▶ TASK:
Retype each line of the listing. Do not alter anything.

(INPUT Opens)

(* Let $\Sigma\subseteq\mathcal L_\Diamond$ be finite and closed under subformulas and let $\mathcal I$ be a finite weak $\Sigma$-quasimodel such that for every deterministic weak $\mathcal L_\Diamond$-quasimodel $\mathcal A$ the relation $\rightharpoonup\ \subseteq|\mathcal I|\times|\mathcal A|$ is a surjective dynamic simulation. Let $P=\{w\in|\mathcal I|:\ \not\vdash\mathrm{Sim}(w)\}$ be the set of possible moments. Then $P$ is upward closed in $(|\mathcal I|,\preccurlyeq_{\mathcal I})$, and $S_{\mathcal I}\cap(P\times P)$ is serial on $P$: for every $w\in P$ there is $v\in P$ with $w\,S_{\mathcal I}\,v$.
   Context: $\mathcal L_\Diamond$ is the propositional language with $\bot,\wedge,\vee,\to$ and unary modalities $\bigcirc$, $\Diamond$. ${\sf ITL}^0_\Diamond$ is axiomatized by all intuitionistic propositional tautologies, $\neg\bigcirc\bot$, $\bigcirc\varphi\wedge\bigcirc\psi\to\bigcirc(\varphi\wedge\psi)$, $\bigcirc(\varphi\vee\psi)\to\bigcirc\varphi\vee\bigcirc\psi$, $\bigcirc(\varphi\to\psi)\to(\bigcirc\varphi\to\bigcirc\psi)$, $\varphi\vee\bigcirc\Diamond\varphi\to\Diamond\varphi$, closed under modus ponens and the rules $\varphi/\bigcirc\varphi$, $(\varphi\to\psi)/(\Diamond\varphi\to\Diamond\psi)$, $(\bigcirc\varphi\to\varphi)/(\Diamond\varphi\to\varphi)$; $\vdash\varphi$ means $\varphi\in{\sf ITL}^0_\Diamond$. Types: a $\Sigma$-type is a pair $\Phi=(\Phi^-;\Phi^+)$ of subsets of $\Sigma$ with $\Phi^-\cap\Phi^+=\varnothing$, $\Phi^-\cup\Phi^+=\Sigma$, $\bot\notin\Phi^+$, $\wedge,\vee$ in $\Phi^+$ behaving classically, ($\varphi\to\psi\in\Phi^+\Rightarrow\varphi\in\Phi^-$ or $\psi\in\Phi^+$), ($\Diamond\varphi\in\Phi^-\Rightarrow\varphi\in\Phi^-$). $\Phi\preccurlyeq_T\Psi$ iff $\Phi^+\subseteq\Psi^+$; $\Phi\subseteq_T\Psi$ iff $\Phi^-\subseteq\Psi^-$, $\Phi^+\subseteq\Psi^+$. $\Phi\,S_T\,\Psi$ iff: $\bigcirc\varphi\in\Phi^+\Rightarrow\varphi\in\Psi^+$; $\bigcirc\varphi\in\Phi^-\Rightarrow\varphi\in\Psi^-$; ($\Diamond\varphi\in\Phi^+$, $\varphi\in\Phi^-$)$\Rightarrow\Diamond\varphi\in\Psi^+$; $\Diamond\varphi\in\Phi^-\Rightarrow\Diamond\varphi\in\Psi^-$. A $\Sigma$-labelled frame is $(W,\preccurlyeq,\ell)$, $\preccurlyeq$ a partial order, $\ell$ mapping to $\Sigma$-types, monotone w.r.t. $\preccurlyeq_T$, and if $\varphi\to\psi\in\ell^-(w)$ then some $v\succcurlyeq w$ has $\varphi\in\ell^+(v)$, $\psi\in\ell^-(v)$. A weak $\Sigma$-quasimodel adds $S\subseteq W\times W$ forward-confluent (if $w\preccurlyeq w'$, $w\,S\,v$ then some $v'\succcurlyeq v$ has $w'\,S\,v'$) and sensible ($w\,S\,v\Rightarrow\ell(w)\,S_T\,\ell(v)$); deterministic if $S$ is a function. A simulation from a $\Sigma$-labelled $\mathcal X$ to a $\Delta$-labelled $\mathcal Y$ ($\Sigma\subseteq\Delta$) is a forward-confluent $E\subseteq|\mathcal X|\times|\mathcal Y|$ (if $x\,E\,y$, $x\preccurlyeq x'$ then some $y'\succcurlyeq y$ has $x'\,E\,y'$) with $x\,E\,y\Rightarrow\ell(x)\subseteq_T\ell(y)$; $x\rightharpoonup y$ iff some simulation relates them; $E$ is dynamic if $x\,E\,y$ and $y\,S\,y'$ imply some $x'$ with $x\,S\,x'$, $x'\,E\,y'$; surjective if every point of $\mathcal A$ is in its range. $\mathrm{Sim}(w)$ for $w$ in a finite $\Sigma$-labelled frame is defined by backwards induction on $\prec$: $\mathrm{Sim}(w)=\bigwedge\ell^+(w)\to\big(\bigvee\ell^-(w)\vee\bigvee_{v\succ w}\mathrm{Sim}(v)\big)$ ($\bigwedge\varnothing=\top$, $\bigvee\varnothing=\bot$). *)

From HB Require Import structures.
From mathcomp Require Import all_boot.
Set Implicit Arguments. Unset Strict Implicit. Unset Printing Implicit Defensive.

Inductive form : Type :=
| Var  : nat -> form
| Bot  : form
| And  : form -> form -> form
| Or   : form -> form -> form
| Imp  : form -> form -> form
| Next : form -> form
| Dia  : form -> form.

Definition form_eq_dec : forall x y : form, {x = y} + {x <> y}.
Proof. decide equality; exact: (eq_comparable _ _). Defined.

HB.instance Definition _ := hasDecEq.Build form (compareP form_eq_dec).

Definition Top : form := Imp Bot Bot.
Definition Neg (p : form) : form := Imp p Bot.

(* The intuitionistic tautologies are given by the standard schematic Hilbert
   axioms of IPC (all their instances over L_Diamond); together with modus ponens
   they generate exactly all substitution instances of intuitionistic tautologies. *)
Inductive prov : form -> Prop :=
| ax_K p q : prov (Imp p (Imp q p))
| ax_S p q r : prov (Imp (Imp p (Imp q r)) (Imp (Imp p q) (Imp p r)))
| ax_andE1 p q : prov (Imp (And p q) p)
| ax_andE2 p q : prov (Imp (And p q) q)
| ax_andI p q : prov (Imp p (Imp q (And p q)))
| ax_orI1 p q : prov (Imp p (Or p q))
| ax_orI2 p q : prov (Imp q (Or p q))
| ax_orE p q r : prov (Imp (Imp p r) (Imp (Imp q r) (Imp (Or p q) r)))
| ax_efq p : prov (Imp Bot p)
| ax_next_bot : prov (Neg (Next Bot))
| ax_next_and p q : prov (Imp (And (Next p) (Next q)) (Next (And p q)))
| ax_next_or p q : prov (Imp (Next (Or p q)) (Or (Next p) (Next q)))
| ax_next_K p q : prov (Imp (Next (Imp p q)) (Imp (Next p) (Next q)))
| ax_dia_fix p : prov (Imp (Or p (Next (Dia p))) (Dia p))
| r_mp p q : prov (Imp p q) -> prov p -> prov q
| r_nec p : prov p -> prov (Next p)
| r_dia_mono p q : prov (Imp p q) -> prov (Imp (Dia p) (Dia q))
| r_dia_ind p : prov (Imp (Next p) p) -> prov (Imp (Dia p) p).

(INPUT Closes)

▶ TASK RESPONSE:
(* Let $\Sigma\subseteq\mathcal L_\Diamond$ be finite and closed under subformulas and let $\mathcal I$ be a finite weak $\Sigma$-quasimodel such that for every deterministic weak $\mathcal L_\Diamond$-quasimodel $\mathcal A$ the relation $\rightharpoonup\ \subseteq|\mathcal I|\times|\mathcal A|$ is a surjective dynamic simulation. Let $P=\{w\in|\mathcal I|:\ \not\vdash\mathrm{Sim}(w)\}$ be the set of possible moments. Then $P$ is upward closed in $(|\mathcal I|,\preccurlyeq_{\mathcal I})$, and $S_{\mathcal I}\cap(P\times P)$ is serial on $P$: for every $w\in P$ there is $v\in P$ with $w\,S_{\mathcal I}\,v$.
   Context: $\mathcal L_\Diamond$ is the propositional language with $\bot,\wedge,\vee,\to$ and unary modalities $\bigcirc$, $\Diamond$. ${\sf ITL}^0_\Diamond$ is axiomatized by all intuitionistic propositional tautologies, $\neg\bigcirc\bot$, $\bigcirc\varphi\wedge\bigcirc\psi\to\bigcirc(\varphi\wedge\psi)$, $\bigcirc(\varphi\vee\psi)\to\bigcirc\varphi\vee\bigcirc\psi$, $\bigcirc(\varphi\to\psi)\to(\bigcirc\varphi\to\bigcirc\psi)$, $\varphi\vee\bigcirc\Diamond\varphi\to\Diamond\varphi$, closed under modus ponens and the rules $\varphi/\bigcirc\varphi$, $(\varphi\to\psi)/(\Diamond\varphi\to\Diamond\psi)$, $(\bigcirc\varphi\to\varphi)/(\Diamond\varphi\to\varphi)$; $\vdash\varphi$ means $\varphi\in{\sf ITL}^0_\Diamond$. Types: a $\Sigma$-type is a pair $\Phi=(\Phi^-;\Phi^+)$ of subsets of $\Sigma$ with $\Phi^-\cap\Phi^+=\varnothing$, $\Phi^-\cup\Phi^+=\Sigma$, $\bot\notin\Phi^+$, $\wedge,\vee$ in $\Phi^+$ behaving classically, ($\varphi\to\psi\in\Phi^+\Rightarrow\varphi\in\Phi^-$ or $\psi\in\Phi^+$), ($\Diamond\varphi\in\Phi^-\Rightarrow\varphi\in\Phi^-$). $\Phi\preccurlyeq_T\Psi$ iff $\Phi^+\subseteq\Psi^+$; $\Phi\subseteq_T\Psi$ iff $\Phi^-\subseteq\Psi^-$, $\Phi^+\subseteq\Psi^+$. $\Phi\,S_T\,\Psi$ iff: $\bigcirc\varphi\in\Phi^+\Rightarrow\varphi\in\Psi^+$; $\bigcirc\varphi\in\Phi^-\Rightarrow\varphi\in\Psi^-$; ($\Diamond\varphi\in\Phi^+$, $\varphi\in\Phi^-$)$\Rightarrow\Diamond\varphi\in\Psi^+$; $\Diamond\varphi\in\Phi^-\Rightarrow\Diamond\varphi\in\Psi^-$. A $\Sigma$-labelled frame is $(W,\preccurlyeq,\ell)$, $\preccurlyeq$ a partial order, $\ell$ mapping to $\Sigma$-types, monotone w.r.t. $\preccurlyeq_T$, and if $\varphi\to\psi\in\ell^-(w)$ then some $v\succcurlyeq w$ has $\varphi\in\ell^+(v)$, $\psi\in\ell^-(v)$. A weak $\Sigma$-quasimodel adds $S\subseteq W\times W$ forward-confluent (if $w\preccurlyeq w'$, $w\,S\,v$ then some $v'\succcurlyeq v$ has $w'\,S\,v'$) and sensible ($w\,S\,v\Rightarrow\ell(w)\,S_T\,\ell(v)$); deterministic if $S$ is a function. A simulation from a $\Sigma$-labelled $\mathcal X$ to a $\Delta$-labelled $\mathcal Y$ ($\Sigma\subseteq\Delta$) is a forward-confluent $E\subseteq|\mathcal X|\times|\mathcal Y|$ (if $x\,E\,y$, $x\preccurlyeq x'$ then some $y'\succcurlyeq y$ has $x'\,E\,y'$) with $x\,E\,y\Rightarrow\ell(x)\subseteq_T\ell(y)$; $x\rightharpoonup y$ iff some simulation relates them; $E$ is dynamic if $x\,E\,y$ and $y\,S\,y'$ imply some $x'$ with $x\,S\,x'$, $x'\,E\,y'$; surjective if every point of $\mathcal A$ is in its range. $\mathrm{Sim}(w)$ for $w$ in a finite $\Sigma$-labelled frame is defined by backwards induction on $\prec$: $\mathrm{Sim}(w)=\bigwedge\ell^+(w)\to\big(\bigvee\ell^-(w)\vee\bigvee_{v\succ w}\mathrm{Sim}(v)\big)$ ($\bigwedge\varnothing=\top$, $\bigvee\varnothing=\bot$). *)

From HB Require Import structures.
From mathcomp Require Import all_boot.
Set Implicit Arguments. Unset Strict Implicit. Unset Printing Implicit Defensive.

Inductive form : Type :=
| Var  : nat -> form
| Bot  : form
| And  : form -> form -> form
| Or   : form -> form -> form
| Imp  : form -> form -> form
| Next : form -> form
| Dia  : form -> form.

Definition form_eq_dec : forall x y : form, {x = y} + {x <> y}.
Proof. decide equality; exact: (eq_comparable _ _). Defined.

HB.instance Definition _ := hasDecEq.Build form (compareP form_eq_dec).

Definition Top : form := Imp Bot Bot.
Definition Neg (p : form) : form := Imp p Bot.

(* The intuitionistic tautologies are given by the standard schematic Hilbert
   axioms of IPC (all their instances over L_Diamond); together with modus ponens
   they generate exactly all substitution instances of intuitionistic tautologies. *)
Inductive prov : form -> Prop :=
| ax_K p q : prov (Imp p (Imp q p))
| ax_S p q r : prov (Imp (Imp p (Imp q r)) (Imp (Imp p q) (Imp p r)))
| ax_andE1 p q : prov (Imp (And p q) p)
| ax_andE2 p q : prov (Imp (And p q) q)
| ax_andI p q : prov (Imp p (Imp q (And p q)))
| ax_orI1 p q : prov (Imp p (Or p q))
| ax_orI2 p q : prov (Imp q (Or p q))
| ax_orE p q r : prov (Imp (Imp p r) (Imp (Imp q r) (Imp (Or p q) r)))
| ax_efq p : prov (Imp Bot p)
| ax_next_bot : prov (Neg (Next Bot))
| ax_next_and p q : prov (Imp (And (Next p) (Next q)) (Next (And p q)))
| ax_next_or p q : prov (Imp (Next (Or p q)) (Or (Next p) (Next q)))
| ax_next_K p q : prov (Imp (Next (Imp p q)) (Imp (Next p) (Next q)))
| ax_dia_fix p : prov (Imp (Or p (Next (Dia p))) (Dia p))
| r_mp p q : prov (Imp p q) -> prov p -> prov q
| r_nec p : prov p -> prov (Next p)
| r_dia_mono p q : prov (Imp p q) -> prov (Imp (Dia p) (Dia q))
| r_dia_ind p : prov (Imp (Next p) p) -> prov (Imp (Dia p) p).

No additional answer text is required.